Re: [whatwg] Thesis draft about HTML5 conformance checking from Henri Sivonen on 2007-03-28 (www-validator@w3.org from March 2007)

From: Henri Sivonen <hsivonen@iki.fi>
Date: Wed, 28 Mar 2007 15:24:09 +0300
To: olivier Thereaux <ot@w3.org>
Cc: WHAT WG List <whatwg@whatwg.org>, www-validator Community <www-validator@w3.org>
Message-Id: <C32365C0-D5C1-4BE9-8185-801F93793935@iki.fi>
On Mar 12, 2007, at 05:27, olivier Thereaux wrote:

> On Mar 11, 2007, at 02:15 , Henri Sivonen wrote:
>> The draft of my master's thesis is available for commenting at:
>> http://hsivonen.iki.fi/thesis/
>
> Henri, congratulations on your work on the HTML conformance checker  
> and on the Thesis.

Thanks.

> It's been a truly informative and enlightening reading, especially  
> the parts where you develop on the (im)possibility of using only  
> schemas to describe conformance to the html5 specs. This is a  
> question that has been bothering me for a long time, especially as  
> there is only one (as of today) production-ready conformance  
> checking tool not based on some kind (or combination) of schema- 
> based parsers,

I take it that you mean the Feed Validator?

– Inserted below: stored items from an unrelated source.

Definition fell_open (t : R) : set (set (Cl t)) :=
  [set U : set (Cl t) | forall Z, U Z -> exists n (f : 'I_n -> set (Cl t)),
     [/\ forall i, fell_subbase t (f i), forall i, f i Z &
         forall Y, (forall i, f i Y) -> U Y]].

Definition ClM (t : R) := g_sigma_algebraType (fell_open t).

Definition mkCl (t : R) (X : set (R * L)) : ClM t :=
  match pselect (closed X /\ X `<=` band t) with
  | left h => exist _ X h
  | right _ => point
  end.

Definition oplus (s t : R) (Z : ClM s * ClM t) : ClM (s + t) :=
  mkCl (s + t) (proj1_sig Z.1 `|` [set p | proj1_sig Z.2 (p.1 - s, p.2)]).

Definition scale (t : R) (Z : ClM t) : ClM 1 :=
  mkCl 1 [set p | proj1_sig Z (p.1 * t, p.2)].

Definition restrL (s t : R) (Z : ClM (s + t)) : ClM s :=
  mkCl s (proj1_sig Z `&` band s).

Definition restrR (s t : R) (Z : ClM (s + t)) : ClM t :=
  mkCl t [set p | proj1_sig Z (p.1 + s, p.2) /\ s <= p.1 + s <= s + t].

End ClosedSets.

Local Open Scope ereal_scope.

(** Conditions (i)-(iv) of a measurable factorizing family, relative to a
    chosen countable ring [Rg] (condition (iv a)) and a chosen Borel
    version [Delta] of the Radon-Nikodym derivatives (condition (iv b)). *)
Definition measurable_factorizing_family (R : realType) (L : topologicalType)
  (mu : forall t : R, probability (ClM R L t) R)
  (Rg : set (set (ClM R L 1)))
  (Delta : (R * R) * ClM R L 1 -> R) : Prop :=
  [/\ (forall s t : R, (0 < s)%R -> (0 < t)%R ->
         pushforward (mu s \x mu t) (oplus R L s t) `<< mu (s + t)%R /\
         mu (s + t)%R `<< pushforward (mu s \x mu t) (oplus R L s t)),
      (forall t r : R, (0 < t)%R -> (0 <= r <= t)%R ->
         mu t [set Z : ClM R L t | exists l : L, proj1_sig Z (r, l)] = 0),
      (forall t : R, (0 < t)%R ->
         ~ exists n (f : 'I_n -> ClM R L t),
             measurable (range f) /\ mu t (range f) = 1),
      [/\ countable Rg, setring Rg, Rg `<=` measurable,
          <<s Rg >> = measurable &
          forall A, Rg A ->
            measurable_fun [set t : R | (0 < t)%R]
              (fun t => pushforward (mu t) (scale R L t) A)] &
      [/\ measurable_fun [set x : (R * R) * ClM R L 1 | (0 < x.1.1)%R /\ (0 < x.1.2)%R] Delta,
          (forall x : (R * R) * ClM R L 1, (0 < x.1.1)%R -> (0 < x.1.2)%R -> (0 < Delta x)%R) &
          forall s t : R, (0 < s)%R -> (0 < t)%R ->
            forall A : set (ClM R L (s + t)), measurable A ->
              pushforward (mu s \x mu t) (oplus R L s t) A =
              \int[mu (s + t)%R]_(Z in A) (Delta ((s, t), scale R L (s + t) Z))%:E]].

(** A unit of the random-set system E^mu: a section t |-> u_t in
    L^2(C_t, mu_t; C), with u_t = ur t + i ui t. *)
Definition rs_unit (R : realType) (L : topologicalType)
  (mu : forall t : R, probability (ClM R L t) R)
  (Rg : set (set (ClM R L 1)))
  (Delta : (R * R) * ClM R L 1 -> R)
  (ur ui : forall t : R, ClM R L t -> R) : Prop :=
  [/\
      (forall t : R, (0 < t)%R ->
         [/\ measurable_fun setT (ur t), measurable_fun setT (ui t) &
             \int[mu t]_Z ((ur t Z) ^+ 2 + (ui t Z) ^+ 2)%:E < +oo]),
      (exists t : R, (0 < t)%R /\
         ~ {ae mu t, forall Z, ur t Z = 0%R /\ ui t Z = 0%R}),
      (forall A, Rg A ->
         measurable_fun [set t : R | (0 < t)%R]
           (fun t => \int[mu t]_(Z in scale R L t @^-1` A) (ur t Z)%:E) /\
         measurable_fun [set t : R | (0 < t)%R]
           (fun t => \int[mu t]_(Z in scale R L t @^-1` A) (ui t Z)%:E)) &
      (* multiplicativity: u_{s+t} = U_{s,t}(u_s (x) u_t) in L^2(mu_{s+t}) *)
      (forall s t : R, (0 < s)%R -> (0 < t)%R ->
         {ae mu (s + t)%R, forall Z,
           let D := Num.sqrt (Delta ((s, t), scale R L (s + t) Z)) in
           let a1 := ur s (restrL R L s t Z) in
           let b1 := ui s (restrL R L s t Z) in
           let a2 := ur t (restrR R L s t Z) in
           let b2 := ui t (restrR R L s t Z) in
           ur (s + t)%R Z = (D * (a1 * a2 - b1 * b2))%R /\
           ui (s + t)%R Z = (D * (a1 * b2 + b1 * a2))%R})].

Definition spatial (R : realType) (L : topologicalType)
  (mu : forall t : R, probability (ClM R L t) R)
  (Rg : set (set (ClM R L 1)))
  (Delta : (R * R) * ClM R L 1 -> R) : Prop :=
  exists ur ui : forall t : R, ClM R L t -> R, rs_unit R L mu Rg Delta ur ui.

>> [2.3.2] I share the view of the Web that holds WebKit, Presto,  
>> Gecko and Trident (the engines of Safari, Opera, Mozilla/Firefox  
>> and IE, respectively) to be the most important browser engines.
>
> Did you have a chance to look at engines in authoring tools?

I didn't investigate them beyond mentioning three authoring tools  
that have a RELAX NG-driven auto-completion feature.

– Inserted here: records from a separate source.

Definition lone_seq n (l : seq nat) (j : nat) : bool :=
  (nth 0 l j != 0) && all (fun j' => (j' == j) || (nth 0 l j' != nth 0 l j)) (iota 0 n).

Definition stays_seq n (bl : seq bool) (l : seq nat) (j : nat) : bool :=
  nth false bl j && ~~ lone_seq n l j.

Definition consistent_seq n i (bl : seq bool) a (l : seq nat) : bool :=
  all (fun j => if j == i then nth 0 l j == a
                else if nth false bl j then nth 0 l j != 0 else nth 0 l j == 0)
      (iota 0 n).

Definition next_latency_seq n i bl a : nat :=
  sumn [seq scaled_latency (count (stays_seq n bl l) (iota 0 n))
       | l <- nat_lists n 4 & consistent_seq n i bl a l && stays_seq n bl l i].

(* The Bellman inequality for S |-> v_|S| (an equality when player i transmits),
   multiplied by 400 * 3 ^ (|S| - 1): the 3 ^ (|S| - 1) choices of the other
   pending players are equally likely. *)
Definition bellman_check n : bool :=
  all (fun i => all (fun bl => nth false bl i ==>
    all (fun a => let m := (count id bl).-1 in
         let lhs := scaled_latency (count id bl) * 3 ^ m in
         let rhs := 400 * 3 ^ m + next_latency_seq n i bl a in
         (lhs <= rhs) && ((a != 0) ==> (lhs == rhs))) (iota 0 4))
    (bool_lists n)) (iota 0 n).

Lemma bellman_check_small n : 2 <= n <= 5 -> bellman_check n.
Proof.
have checked : all bellman_check [:: 2; 3; 4; 5] by vm_cast_no_check (erefl true).
move=> /andP[n2 n5]; apply: (allP checked n).
by case: n n2 n5 => [|[|[|[|[|[|n]]]]]].
Qed.

Definition consistent n (i : 'I_n) (S : {set 'I_n}) (a : 'I_4)
    (x : {ffun 'I_n -> 'I_4}) : bool :=
  [forall j, if j == i then x j == a else if j \in S then x j != ord0 else x j == ord0].

Definition next_latency n (i : 'I_n) (S : {set 'I_n}) (a : 'I_4) : nat :=
  \sum_(x | consistent i S a x && (i \in S :\: succ x)) scaled_latency #|S :\: succ x|.

Section Transfer.
Variables (n : nat) (l : seq nat).
Hypothesis l4 : l \in nat_lists n 4.

Lemma lone_seqE (j : 'I_n) : (j \in succ (profile_of_seq n l)) = lone_seq n l j.
Proof.
rewrite inE -val_eqE profile_of_seqE //= /lone_seq -forall_ord_iota; congr (_ && _).
by apply: eq_forallb => j'; rewrite -!val_eqE !profile_of_seqE //= implybE negbK.
Qed.

Lemma stays_seqE S (j : 'I_n) :
  (j \in S :\: succ (profile_of_seq n l)) = stays_seq n (seq_of_set S) l j.
Proof. by rewrite inE andbC lone_seqE /stays_seq nth_seq_of_set. Qed.

Lemma consistent_seqE i S a :
  consistent i S a (profile_of_seq n l) = consistent_seq n i (seq_of_set S) a l.
Proof.
rewrite /consistent /consistent_seq -forall_ord_iota; apply: eq_forallb => j.
by rewrite -!val_eqE !profile_of_seqE //= nth_seq_of_set.
Qed.

End Transfer.

Lemma next_latency_seqE n (i : 'I_n) S (a : 'I_4) :
  next_latency_seq n i (seq_of_set S) a = next_latency i S a.
Proof.
rewrite /next_latency big_mkcond big_profile /next_latency_seq sumnE big_map big_filter.
rewrite [LHS]big_mkcond; apply: eq_big_seq => l l4.
rewrite consistent_seqE // stays_seqE //; case: ifP => // _.
by congr scaled_latency; apply/esym/card_count_iota => j; rewrite stays_seqE.
Qed.

Lemma bellman_check_sound n (i : 'I_n) (S : {set 'I_n}) (a : 'I_4) :
  bellman_check n -> i \in S ->
  (scaled_latency #|S| * 3 ^ #|S|.-1 <= 400 * 3 ^ #|S|.-1 + next_latency i S a) /\
  (a != ord0 ->
   scaled_latency #|S| * 3 ^ #|S|.-1 = 400 * 3 ^ #|S|.-1 + next_latency i S a).
Proof.
move=> /allP /(_ i) check iS; move: check; rewrite mem_iota ltn_ord => /(_ isT) /allP.
move=> /(_ _ (mem_bool_lists (size_seq_of_set S))); rewrite nth_seq_of_set iS implyTb.
move=> /allP /(_ a); rewrite mem_iota ltn_ord => /(_ isT).
rewrite count_seq_of_set next_latency_seqE => /andP[-> /implyP eq_a]; split=> // a0.
exact/eqP/eq_a.
Qed.

Local Open Scope ring_scope.

Lemma prod_nat_bool n (b : 'I_n -> bool) :
  (\prod_(j : 'I_n) (b j : nat))%N = [forall j, b j].
Proof.
case: (boolP [forall j, b j]) => [/forallP bT|/forallPn [j bj]].
  by rewrite big1 // => j _; rewrite bT.
by rewrite (bigD1 j) //= (negbTE bj).
Qed.

Section Reach.
Variables (R : realType) (n : nat) (i : 'I_n).

Lemma prof_wE S a x :
  prof_w R i S a x = (consistent i S a x)%:R * (3%:R^-1) ^+ #|S :\ i|.
Proof.
rewrite /prof_w (eq_bigr (fun j => (if j == i then x j == a else if j \in S then x j != ord0
    else x j == ord0)%:R * (if j \in S :\ i then 3%:R^-1 else 1))); last first.
  move=> j _; rewrite !inE; case: (j == i); first by rewrite mulr1.
  case: (j \in S); last by rewrite mulr1.
  by rewrite /f3dist; case: (x j == ord0); rewrite ?mul0r ?mul1r.
by rewrite big_split /= -big_mkcond prodr_const -natr_prod prod_nat_bool.
Qed.

Lemma prof_w_ge0 S a x : 0 <= prof_w R i S a x.
Proof. by rewrite prof_wE mulr_ge0 // exprn_ge0 // invr_ge0. Qed.

Definition weight (d : {set 'I_n} -> R) : R := \sum_S d S.

Lemma step_ge0 (d : {set 'I_n} -> R) a :
  (forall S, 0 <= d S) -> forall S, 0 <= step i d a S.
Proof.
move=> d_ge0 S; apply: sumr_ge0 => T _; rewrite mulr_ge0 //.
by apply: sumr_ge0 => x _; rewrite mulr_ge0 // prof_w_ge0.
Qed.

Lemma step_pending (d : {set 'I_n} -> R) a S : step i d a S != 0 -> i \in S.
Proof.
apply: contraR => iS; apply/eqP/big1 => T _.
by rewrite big1 ?mulr0 // => x _; rewrite (negbTE iS) andbF mulr0.
Qed.

Lemma reach_rcons h a : reach R i (rcons h a) = step i (reach R i h) a.
Proof. by rewrite /reach foldl_rcons. Qed.

Lemma reach_ge0 h S : 0 <= reach R i h S.
Proof.
elim/last_ind: h S => [|h a IH] S; first by rewrite /reach /= /init_state ler0n.
by rewrite reach_rcons step_ge0.
Qed.

Lemma reach_pending h S : reach R i h S != 0 -> i \in S.
Proof.
elim/last_ind: h S => [|h a _] S; last by rewrite reach_rcons; exact: step_pending.
rewrite /reach /= /init_state.
by have [->|] := eqVneq S [set: 'I_n]%SET; rewrite ?inE ?eqxx.
Qed.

> What type of parser do NVU, Amaya, golive etc work on?

For authoring tools, the key thing is that their serializers work  
with browser parsers. The details of how authoring tools recovers  
from bad markup is not as crucial as recovery in browsers because  
with authoring tools the author has a chance review the recovery result.

> How about parsing engines for search engine robots? These are  
> probably as important, if not more as some of the browser engines  
> in defining the "generic" engine for the web today.

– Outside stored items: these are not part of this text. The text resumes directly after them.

(* Let $\mathcal{S}=\{S_1,\dots,S_N\}\subseteq 2^{[n]}$ be a nonempty Sperner family ($N\ge1$) and $h:\mathcal{S}\to 2^{[n]}$ a function with $H_i=h(S_i)\subseteq S_i$ for every $i\in[N]$. If $G_{\mathcal{S},h}$ is the complete graph on $N$ vertices, then there exists $S_0\in\mathcal{S}$ such that $\mathcal{Q}_{S_0,h(S_0)}\not\subseteq\bigcup_{S\in\mathcal{S}\setminus\{S_0\}}\mathcal{Q}_{S,h(S)}$.
   Context: $[n]=\{1,\dots,n\}$. A Sperner family is a family of sets none of which is contained in another. For $H\subseteq S\subseteq[n]$, $\mathcal{Q}_{S,H}=\{H\cup B: B\subseteq[n]\setminus S\}$. The graph $G_{\mathcal{S},h}$ has vertex set $\{(S_i,H_i): i\in[N]\}$, and two distinct vertices $(S_i,H_i)$, $(S_j,H_j)$ are adjacent if and only if $S_i\cap H_j=S_j\cap H_i$. *)

From mathcomp Require Import all_boot.
Set Implicit Arguments. Unset Strict Implicit. Unset Printing Implicit Defensive.

Definition sperner (n : nat) (F : {set {set 'I_n}}) : Prop :=
  forall A B, A \in F -> B \in F -> A \subset B -> A = B.

Definition Qfam (n : nat) (S H : {set 'I_n}) : {set {set 'I_n}} :=
  [set H :|: B | B in powerset (~: S)].

Definition adjG (n : nat) (h : {set 'I_n} -> {set 'I_n}) (S T : {set 'I_n}) : Prop :=
  S :&: h T = T :&: h S.

Definition G_complete (n : nat) (F : {set {set 'I_n}}) (h : {set 'I_n} -> {set 'I_n}) : Prop :=
  forall S T, S \in F -> T \in F -> S <> T -> adjG h S T.

From mathcomp Require Import all_boot.

(* Any member S0 of the family works.  With U the union of all the h S, the
   set X = h S0 ∪ ([n] \ (S0 ∪ U)) lies in Q_{S0,h S0}, since X ∩ S0 = h S0.
   Completeness of G_{S,h} forces S ∩ U = h S for every S, so X ∈ Q_{S,h S}
   would mean X ∩ S = S ∩ U; outside S0 the set X is exactly the complement
   of U, hence S ⊆ S0, and the Sperner property gives S = S0. *)

Lemma mem_Qfam {n : nat} (S H X : {set 'I_n}) :
  H \subset S -> (X \in Qfam S H) = (X :&: S == H).
Proof.
move=> HS; apply/imsetP/eqP => [[B] | XS].
  rewrite inE subsets_disjoint setCK => BS -> {X}.
  by rewrite setIUl (setIidPl HS) (disjoint_setI0 BS) setU0.
exists (X :\: S); first by rewrite inE subsetDr.
by rewrite -XS setID.
Qed.

Lemma complete_setI_bigcup {n : nat} {F : {set {set 'I_n}}}
    {h : {set 'I_n} -> {set 'I_n}} {S : {set 'I_n}} :
  G_complete F h -> S \in F -> h S \subset S ->
  S :&: \bigcup_(T in F) h T = h S.
Proof.
move=> Fh SF hS; apply/eqP.
rewrite eqEsubset [h S \subset _]subsetI hS (bigcup_sup S SF) !andbT.
apply/subsetP => i /setIP [iS /bigcupP [T TF iT]].
have [<- // | /eqP TS] := eqVneq T S.
have : i \in S :&: h T by rewrite inE iS.
by rewrite (Fh S T SF TF (nesym TS)) => /setIP [].
Qed.

Lemma subset_of_setI_separator {n : nat} {S0 H U S : {set 'I_n}} :
  H \subset S0 -> (H :|: (~: S0 :\: U)) :&: S = S :&: U -> S \subset S0.
Proof.
move=> HS0 /setP XS; apply/subsetP => i iS; apply/negPn/negP => iS0.
have iH : i \notin H by apply: contra iS0; apply: (subsetP HS0).
by move: (XS i); rewrite !inE iS iS0 (negbTE iH) /=; case: (i \in U).
Qed.

Theorem claim20 (n : nat) (F : {set {set 'I_n}}) (h : {set 'I_n} -> {set 'I_n}) :
  F != set0 ->
  sperner F ->
  (forall S, S \in F -> h S \subset S) ->
  G_complete F h ->
  exists2 S0, S0 \in F &
    ~~ (Qfam S0 (h S0) \subset \bigcup_(S in F :\ S0) Qfam S (h S)).
Proof.
move=> /set0Pn [S0 S0F] spF hF Fh; exists S0 => //.
set U := \bigcup_(T in F) h T.
set X := h S0 :|: (~: S0 :\: U).
have XQ0 : X \in Qfam S0 (h S0).
  rewrite mem_Qfam ?hF // setIUl (setIidPl (hF S0 S0F)) setDE setIAC.
  by rewrite [~: S0 :&: S0]setIC setICr set0I setU0.
apply/negP => /subsetP /(_ X XQ0) /bigcupP [S /setD1P [SS0 SF]].
rewrite mem_Qfam ?hF // -(complete_setI_bigcup Fh SF (hF S SF)) => /eqP XS.
have SsubS0 := subset_of_setI_separator (hF S0 S0F) XS.
by rewrite (spF S S0 SF S0F SsubS0) eqxx in SS0.
Qed.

Search engines are secretive about what they do, but I would assume  
that they'd want be compatible with browsers in order to fight SEO  
cloaking.

>> [4.1] The W3C Validator sticks strictly to the SGML validity  
>> formalism. It is often argued that it would be inappropriate for a  
>> program to be called a “validator” unless it checks exactly for  
>> validity in the SGML sense of the word – nothing more, nothing less.
>
> That's very true, there's a strong reluctance from part of the  
> validator user community tool to do anything else than formal  
> validation, mostly (?) out of fear that it would eventually make  
> the term of "validation" meaningless. The only thing the validator  
> does beyond DTD validation are the preparse checks on encoding,  
> presence of doctype, media type etc.

ISO and the W3C have already expanded the notion of validation to  
cover schema languages other than DTDs. In colloquial usage  
"validation" is already understood to mean checking in general. The  
notion of a "schema" could be detached from a schema language to be  
be an abstract partitioning of the set of possible XML documents into  
two disjoint sets: valid and invalid. Calling the process of deciding  
which set a given document instance belongs into "validation" would  
give a formal definition that matched the colloquial usage.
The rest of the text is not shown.